[BreachExchange] Report suggests GandCrab’s developers may have created Sodinokibi ransomware

Destry Winant destry at riskbasedsecurity.com
Thu Jul 18 10:19:48 EDT 2019


https://www.scmagazine.com/home/security-news/report-suggests-gandcrabs-developers-may-have-created-sodinokibi-ransomware/

Evidence is reportedly mounting that the recently discovered
ransomware program known as Sodinokibiwas created by the same
developers who introduced GandCrab ransomware.

Last month, GandCrab’s developers publicly disclosed that they were
retiring after raking in roughly $2 billion in extortion payments. But
this announcement may have been misleading at best, according to
security researcher Brian Krebs, who says in a July 15 blog post that
GandCrab’s developers may have merely reorganized.

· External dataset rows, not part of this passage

(* Let $(K,v)$ be a valued field whose value group $\Gamma$ is dense and regular. If $(K,v)$ is extremal, then $\Gamma$ is divisible.
   Context: $(K,v)$ with valuation ring $\mathcal{O}_v$ and value group $\Gamma$ (and $v(0)=\infty$) is extremal if for every $n\ge1$ and every $F\in K[X_1,\dots,X_n]$ the set $\{v(F(a_1,\dots,a_n)) : a_i\in\mathcal{O}_v\}\subseteq\Gamma\cup\{\infty\}$ has a maximal element. An ordered group is dense if between any two distinct elements there is a third; it is regular if for every $n\ge1$ every open interval containing at least $n$ elements contains an $n$-divisible element. *)

From HB Require Import structures.
From mathcomp Require Import all_boot all_order all_algebra.
Set Implicit Arguments. Unset Strict Implicit. Unset Printing Implicit Defensive.
Import GRing.Theory.
Local Open Scope ring_scope.

Definition ordered_abelian_group (G : zmodType) (le : rel G) : Prop :=
  [/\ reflexive le, antisymmetric le, transitive le, total le &
      forall x y z : G, le x y -> le (x + z) (y + z)].

Definition ltg (G : zmodType) (le : rel G) (x y : G) : bool := le x y && (x != y).

Definition dense_group (G : zmodType) (le : rel G) : Prop :=
  forall x y : G, ltg le x y -> exists z, ltg le x z && ltg le z y.

Definition regular_group (G : zmodType) (le : rel G) : Prop :=
  forall (n : nat) (a b : G), (0 < n)%N ->
    (exists s : seq G, [/\ uniq s, (n <= size s)%N &
                           all (fun z => ltg le a z && ltg le z b) s]) ->
    exists z w : G, [/\ ltg le a z, ltg le z b & z = w *+ n].

Definition divisible_group (G : zmodType) : Prop :=
  forall (n : nat) (g : G), (0 < n)%N -> exists h : G, h *+ n = g.

(* ---------- Gamma u {oo}, with oo represented by None ---------- *)
Definition leo (G : zmodType) (le : rel G) (a b : option G) : bool :=
  match b with
  | None => true
  | Some y => match a with None => false | Some x => le x y end
  end.

Definition addo (G : zmodType) (a b : option G) : option G :=
  match a, b with Some x, Some y => Some (x + y) | _, _ => None end.
Theorem mainTheorem8
  (G : Type) (TG : topo G) (mul : G -> G -> G) (inv : G -> G) (e : G)
  (HG : polish_group TG mul inv e)
  (X : Type) (TX : topo X) (HX : polish TX)
  (act : G -> X -> X) (Hact : continuous_action TG TX mul e act)
  (F : X -> X -> Prop)
  (HFeq : equivalence F)
  (HFbor : borel (prod_topo TX TX) (fun p => F (fst p) (snd p)))
  (HFsub : forall x y, F x y -> orbit_rel act x y)
  (HFcount : forall x, exists f : nat -> X,
      forall y, orbit_rel act x y -> exists n, F y (f n)) :
  exists C : X -> Prop,
    borel TX C /\ lg_comeager TG act C /\
    forall x, C x ->
      rel_open TG (Gset act x (fun y => C y /\ F x y)) (Gset act x C).
Proof.
  destruct HG as [Hgroup [HGpolish [Hmul _]]].
  destruct (polish_structure TG HGpolish) as [TG_inter [TG_local [[B HB] Hbaire]]].
  destruct (polish_structure TX HX) as [TX_inter [TX_local _]].
  destruct Hact as [_ [Hact_mul Hact_cont]].
  exists (comeager_class TG e act B F). split; [|split].
  - eapply borel_comeager_class; eassumption.
  - eapply comeager_class_lg_comeager; eassumption.
  - intros x _. eapply comeager_class_rel_open; eassumption.
Qed.
(* Let $\Gamma$ be a finite simple graph and let $K_n$ be the complete graph on $n$ vertices. If $\psi\colon A(K_n)\to A(\Gamma)$ is an injective homomorphism satisfying condition (KK), then there is a full embedding $\iota\colon K_n\to\Gamma$ with $\iota(V(K_n))\subset\mathrm{supp}(\psi)$.
   Context: $A(\Gamma) = \langle V(\Gamma) \mid uv=vu \text{ whenever } \{u,v\}\in E(\Gamma)\rangle$ is the right-angled Artin group; $A(K_n)\cong\mathbb{Z}^n$. A graph embedding is an injective vertex map preserving adjacency; it is full if it also preserves non-adjacency. The support $\mathrm{supp}(g)$ of $g\in A(\Gamma)$ is the set of vertices $v$ such that $v$ or $v^{-1}$ occurs in a (equivalently, any) shortest word representing $g$. For a homomorphism $\psi\colon A(\Lambda)\to A(\Gamma)$, $\mathrm{supp}(\psi)=\bigcup_{v\in V(\Lambda)}\mathrm{supp}(\psi(v))$. A homomorphism $\psi$ satisfies condition (KK) if for every $v\in V(\Lambda)$ the set $\mathrm{supp}(\psi(v))$ consists of mutually adjacent vertices of $\Gamma$. *)

(* Right-angled Artin groups are modelled by words over
   signed generators together with the congruence generated by the
   defining relations (free reduction and commutation of adjacent letters). *)
From mathcomp Require Import all_boot.
From Stdlib Require Import Relations.Relation_Operators.
Set Implicit Arguments. Unset Strict Implicit. Unset Printing Implicit Defensive.

Section RAAG.
Variables (T : eqType) (e : rel T).

(* a letter (v, false) stands for v, (v, true) for v^-1 *)
Definition word := seq (T * bool).

Definition inv_word (w : word) : word := rev (map (fun p => (p.1, ~~ p.2)) w).

Inductive raag_step : word -> word -> Prop :=
| step_cancel a c x b :
    raag_step (a ++ [:: (x, b); (x, ~~ b)] ++ c) (a ++ c)
| step_comm a c x bx y b_y :
    e x y -> raag_step (a ++ [:: (x, bx); (y, b_y)] ++ c)
                       (a ++ [:: (y, b_y); (x, bx)] ++ c).

Definition raag_eq : word -> word -> Prop := clos_refl_sym_trans word raag_step.

Definition shortest (w : word) : Prop :=
  forall w', raag_eq w w' -> size w <= size w'.

Definition in_supp (w : word) (v : T) : Prop :=
  exists w', raag_eq w w' /\ shortest w' /\ v \in map fst w'.
End RAAG.

Definition Kn_rel (n : nat) : rel 'I_n := fun i j => i != j.

(* A homomorphism A(Lambda) -> A(Gamma) is given by the images f v of the
   generators; it is extended to words. *)
Definition hom_word (S T : eqType) (f : S -> word T) (w : word S) : word T :=
  flatten (map (fun p => if p.2 then inv_word (f p.1) else f p.1) w).

Definition is_raag_hom (S T : eqType) (eL : rel S) (eG : rel T)
  (f : S -> word T) : Prop :=
  forall x y, eL x y -> raag_eq eG (f x ++ f y) (f y ++ f x).

Definition raag_hom_injective (S T : eqType) (eL : rel S) (eG : rel T)
  (f : S -> word T) : Prop :=
  forall w1 w2, raag_eq eG (hom_word f w1) (hom_word f w2) -> raag_eq eL w1 w2.

Definition in_supp_hom (S T : eqType) (eG : rel T) (f : S -> word T) (v : T) :=
  exists x, in_supp eG (f x) v.

Definition cond_KK (S T : eqType) (eG : rel T) (f : S -> word T) : Prop :=
  forall x u v, in_supp eG (f x) u -> in_supp eG (f x) v -> u != v -> eG u v.

Definition full_embedding (S T : eqType) (eL : rel S) (eG : rel T)
  (iota : S -> T) : Prop :=
  injective iota /\ forall x y, eG (iota x) (iota y) = eL x y.

From mathcomp Require Import all_boot all_algebra ring zify.
From Stdlib Require Import Relations.Relation_Operators Classical.
Set Implicit Arguments. Unset Strict Implicit. Unset Printing Implicit Defensive.
Import GRing.Theory Num.Theory.

(* Replace each [psi(x)] by a shortest representative [g x]. By (KK) the
   letters of [g x] pairwise commute, so [g x] is as short as its normal form
   in the free abelian group on them and every letter of [g x] has nonzero
   exponent sum. If [u] occurs in [g x] and [v] in [g y], with [u], [v]
   distinct and non-adjacent, then [v] does not occur in [g x] nor [u] in
   [g y]; in the representation sending [u] and [v] to two non-commuting
   unipotent matrices of SL(2,Z), the commuting elements [g x] and [g y] then
   force one of these exponent sums to vanish. Hence all the letters form a
   clique [C], [psi] embeds [Z^n] into [Z^|C|], so [n <= |C|], and any [n]
   vertices of [C] span a full copy of [K_n]. *)

Section Congruence.
Variables (T : eqType) (e : rel T).
Notation req := (raag_eq e).

Lemma req_refl w : req w w. Proof. exact: rst_refl. Qed.
Lemma req_sym w1 w2 : req w1 w2 -> req w2 w1. Proof. exact: rst_sym. Qed.
Lemma req_trans w1 w2 w3 : req w1 w2 -> req w2 w3 -> req w1 w3.
Proof. exact: rst_trans. Qed.

Lemma raag_step_catl p w1 w2 : raag_step e w1 w2 -> raag_step e (p ++ w1) (p ++ w2).
Proof.
case=> [a c x b|a c x bx y b_y exy].
  by move: (step_cancel e (p ++ a) c x b); rewrite -!catA.
by move: (step_comm (p ++ a) c bx b_y exy); rewrite -!catA.
Qed.

Lemma raag_step_catr p w1 w2 : raag_step e w1 w2 -> raag_step e (w1 ++ p) (w2 ++ p).
Proof.
case=> [a c x b|a c x bx y b_y exy].
  by move: (step_cancel e a (c ++ p) x b); rewrite -!catA.
by move: (step_comm a (c ++ p) bx b_y exy); rewrite -!catA.
Qed.

Lemma req_catl p w1 w2 : req w1 w2 -> req (p ++ w1) (p ++ w2).
Proof.
elim=> [x y h|x|x y _|x y z _ h1 _ h2].
- exact: rst_step (raag_step_catl p h).
- exact: req_refl.
- exact: req_sym.
- exact: req_trans h1 h2.
Qed.

Lemma req_catr p w1 w2 : req w1 w2 -> req (w1 ++ p) (w2 ++ p).
Proof.
elim=> [x y h|x|x y _|x y z _ h1 _ h2].
- exact: rst_step (raag_step_catr p h).
- exact: req_refl.
- exact: req_sym.
- exact: req_trans h1 h2.
Qed.

Lemma req_cat a a' b b' : req a a' -> req b b' -> req (a ++ b) (a' ++ b').
Proof. by move=> /(req_catr b) ha /(req_catl a'); apply: req_trans. Qed.

Lemma exists_shortest w : exists w', req w w' /\ shortest e w'.
Proof.
have [k] := ubnP (size w); elim: k w => // k IH w le_w_k.
have [sw|not_sw] := classic (shortest e w).
  by exists w; split=> //; apply: req_refl.
have [w1 [ww1 lt_w1_w]] : exists w1, req w w1 /\ size w1 < size w.
  apply: NNPP => none; apply: not_sw => w1 ww1; rewrite leqNgt; apply/negP => lt_w1_w.
  by apply: none; exists w1.
have [w2 [w1w2 sw2]] := IH w1 (leq_trans lt_w1_w le_w_k).
by exists w2; split=> //; apply: req_trans w1w2.
Qed.

Local Open Scope ring_scope.

Definition letter_sign (b : bool) : int := if b then -1 else 1.

Fixpoint expsum (w : word T) (v : T) : int :=
  if w is l :: w' then (if l.1 == v then letter_sign l.2 else 0) + expsum w' v
  else 0.

Lemma expsum_cat w1 w2 v : expsum (w1 ++ w2) v = expsum w1 v + expsum w2 v.
Proof. by elim: w1 => [|l w IH] /=; rewrite ?add0r // IH addrA. Qed.

Lemma expsum_req w1 w2 v : req w1 w2 -> expsum w1 v = expsum w2 v.
Proof.
elim=> // [_ _ [a c x b|a c x bx y b_y _]|x y z _ -> _ ->] //; rewrite !expsum_cat /=.
  by case: (x == v); case: b; rewrite /= ?addr0 ?add0r // addrA ?addNr ?subrr add0r.
by rewrite !addr0 (addrC (if x == v then _ else _)).
Qed.

End Congruence.

Section CliqueWords.
Variables (T : eqType) (e : rel T).
Notation req := (raag_eq e).
Local Open Scope ring_scope.

Definition clique (C : seq T) := {in C &, forall u v, u != v -> e u v}.

Definition gen_power (x : T) (k : int) : word T := nseq `|k|%N (x, k < 0).

Lemma req_cons_gen_power x b k :
  req ((x, b) :: gen_power x k) (gen_power x (k + letter_sign b)).
Proof.
case: b; [case: k => [[|m]|m] | case: k => [m|[|m]]]; rewrite /letter_sign.
- exact: req_refl.
- rewrite (_ : Posz m.+1 + -1 = Posz m); last by lia.
  exact: rst_step (step_cancel e [::] (nseq m (x, false)) x true).
- rewrite (_ : Negz m + -1 = Negz m.+1); last by lia.
  exact: req_refl.
- rewrite (_ : Posz m + 1 = Posz m.+1); last by lia.
  exact: req_refl.
- exact: rst_step (step_cancel e [::] [::] x false).
- rewrite (_ : Negz m.+1 + 1 = Negz m); last by lia.
  exact: rst_step (step_cancel e [::] (nseq m.+1 (x, true)) x false).
Qed.

Lemma req_commute_letter_word x b u : all (fun l => e x l.1) u ->
  req ((x, b) :: u) (u ++ [:: (x, b)]).
Proof.
elim: u => [|[y b_y] u IH] /=; first by move=> _; apply: req_refl.
case/andP=> exy /IH IHu.
apply: (req_trans (w2 := [:: (y, b_y), (x, b) & u])).
  exact: rst_step (step_comm [::] u b b_y exy).
exact: (req_catl [:: (y, b_y)] IHu).
Qed.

“My guess is the GandCrab team has not retired, and has simply
regrouped and re-branded due to the significant amount of attention
from security researchers and law enforcement investigators,” Krebs
states in his report. “It seems highly unlikely that such a successful
group of cybercriminals would just walk away from such an insanely
profitable enterprise.”

Also known as Sodin and REvil, Sodinokibi first came to light in April
2019. Like GandCrab, Sodinokibi has been made available on dark web
forums to cybercriminal “affiliates” as a ransomware-as-a-service
offering. Affiliate are guaranteed $10,000, with an initial cut of 60
percent, and then 70 percent after the first three payments are made,
Krebs has reported. The remainder goes to the developers themselves.

However, with Sodinokibi, the developers are trying to keep their
circle of affiliates smaller and more professional in nature. “We are
not going to hire as many people as possible,” said one dark web forum
message advertising Sodinokibi, according to Krebs.

But it’s not just their similar RaaS models that suggests GandCrab and
Sodinokibi are linked to the same actor. In an April 30 blog post,
researchers from Cisco’s Talos division recounted observing one
Sodinokibi attack that later attempted to distribute GandCrab v5.2.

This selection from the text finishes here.